(* Let $A\in\mathbb{R}^{n\times n}$ be nonsingular with $A\geq 0$ and $A^{-1}\geq 0$, and let $(U_k^{(i)},V_k^{(i)},E_k)_{k=1}^{p}$, $i=1,2$, be two weak regular multisplittings of $A$ (with the same weighting matrices $E_k$). If $[U_k^{(1)}]^{-1}\geq[U_k^{(2)}]^{-1}$ for each $k=1,\ldots,p$, then $\rho(H_1)\leq\rho(H_2)<1$, where $H_i=\sum_{k=1}^{p}E_k[U_k^{(i)}]^{-1}V_k^{(i)}$ for $i=1,2$.
   Context: Inequalities are entrywise; $\rho(\cdot)$ is the spectral radius. A splitting $A=U-V$ of $A\in\mathbb{R}^{n\times n}$ is weak regular if $U$ is nonsingular, $U^{-1}\geq 0$ and $U^{-1}V\geq 0$. A weak regular multisplitting of $A$ is a triplet $(U_k,V_k,E_k)_{k=1}^{p}$ where each $A=U_k-V_k$ is a weak regular splitting and each $E_k\geq 0$ is an $n\times n$ diagonal matrix with $\sum_{k=1}^{p}E_k=I$. *)

From HB Require Import structures.
From mathcomp Require Import all_boot all_order all_algebra.
From mathcomp Require Import reals.
From mathcomp Require Import complex.
Set Implicit Arguments. Unset Strict Implicit. Unset Printing Implicit Defensive.
Import Order.TTheory GRing.Theory Num.Theory.
Local Open Scope ring_scope.

Definition mx_le (R : realType) (m n : nat) (A B : 'M[R]_(m, n)) : Prop :=
  forall i j, A i j <= B i j.

Definition mx_nonneg (R : realType) (m n : nat) (A : 'M[R]_(m, n)) : Prop :=
  mx_le 0 A.

Definition complexify (R : realType) (n : nat) (A : 'M[R]_n) : 'M[R[i]]_n :=
  map_mx (fun x => (x%:C)%C) A.

(* The list (with multiplicity) of the complex eigenvalues of A,
   i.e. the roots of its characteristic polynomial in R[i]. *)
Definition eigenvalues (R : realType) (n : nat) (A : 'M[R]_n) : seq R[i] :=
  sval (closed_field_poly_normal (char_poly (complexify A))).

(* Spectral radius: max modulus of the eigenvalues (0 when n = 0). *)
Definition spectral_radius (R : realType) (n : nat) (A : 'M[R]_n) : R :=
  \big[Num.max/0]_(z <- eigenvalues A) ComplexField.Normc.normc z.

Definition weak_regular_splitting (R : realType) (n : nat) (A U V : 'M[R]_n) : Prop :=
  [/\ A = U - V, U \in unitmx, mx_nonneg (invmx U) & mx_nonneg (invmx U *m V)].

Definition weak_regular_multisplitting (R : realType) (n p : nat)
    (A : 'M[R]_n) (U V E : 'I_p -> 'M[R]_n) : Prop :=
  [/\ forall k, weak_regular_splitting A (U k) (V k),
      forall k, is_diag_mx (E k),
      forall k, mx_nonneg (E k)
    & \sum_(k < p) E k = 1%:M].

Definition multisplitting_iter (R : realType) (n p : nat)
    (U V E : 'I_p -> 'M[R]_n) : 'M[R]_n :=
  \sum_(k < p) (E k *m (invmx (U k) *m V k)).

(* Put T_i = \sum_k E_k (U_k^(i))^-1, so that H_i = I - T_i A.  Then
   H_2 - H_1 = (T_1 - T_2) A >= 0, and rho(H_1) <= rho(H_2) is the monotonicity of
   the spectral radius on nonnegative matrices; and w = A^-1 1 > 0 satisfies
   (I - H_2) w = T_2 1 > 0, which forces rho(H_2) < 1.
   Both facts rest on Z-matrices Q (nonpositive off the diagonal): if Q w > 0 for
   some w > 0, then Q x >= 0 implies x >= 0.  So when t I - M is such a matrix,
   no nonzero x >= 0 has M x >= t x; applied to the moduli of an eigenvector this
   gives |l| < t for every eigenvalue l.  Conversely, if M x >= r x for such an x,
   then r I - M is not of that kind although t I - M is for large t; decreasing t,
   the property is open, and it is closed as long as t is not an eigenvalue, since
   there the resolvent (t I - M)^-1 >= 0 depends continuously on t.  Hence some
   real eigenvalue t >= r of M exists. *)

From HB Require Import structures.
From mathcomp Require Import all_boot all_order all_algebra.
From mathcomp Require Import reals complex polyrcf boolp classical_sets.
From mathcomp Require Import lra.
Set Implicit Arguments. Unset Strict Implicit. Unset Printing Implicit Defensive.
Import Order.TTheory GRing.Theory Num.Theory.
Local Open Scope ring_scope.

PROBLEM TO WORK ON:
Please output the lines of the listing above that fall in the stretch from the one with "sval (closed_field_poly_normal (char_poly" through the one with "Definition weak_regular_multisplitting (R", exactly and only those.

OUTPUT OF THE TASK:
  sval (closed_field_poly_normal (char_poly (complexify A))).

(* Spectral radius: max modulus of the eigenvalues (0 when n = 0). *)
Definition spectral_radius (R : realType) (n : nat) (A : 'M[R]_n) : R :=
  \big[Num.max/0]_(z <- eigenvalues A) ComplexField.Normc.normc z.

Definition weak_regular_splitting (R : realType) (n : nat) (A U V : 'M[R]_n) : Prop :=
  [/\ A = U - V, U \in unitmx, mx_nonneg (invmx U) & mx_nonneg (invmx U *m V)].

Definition weak_regular_multisplitting (R : realType) (n p : nat)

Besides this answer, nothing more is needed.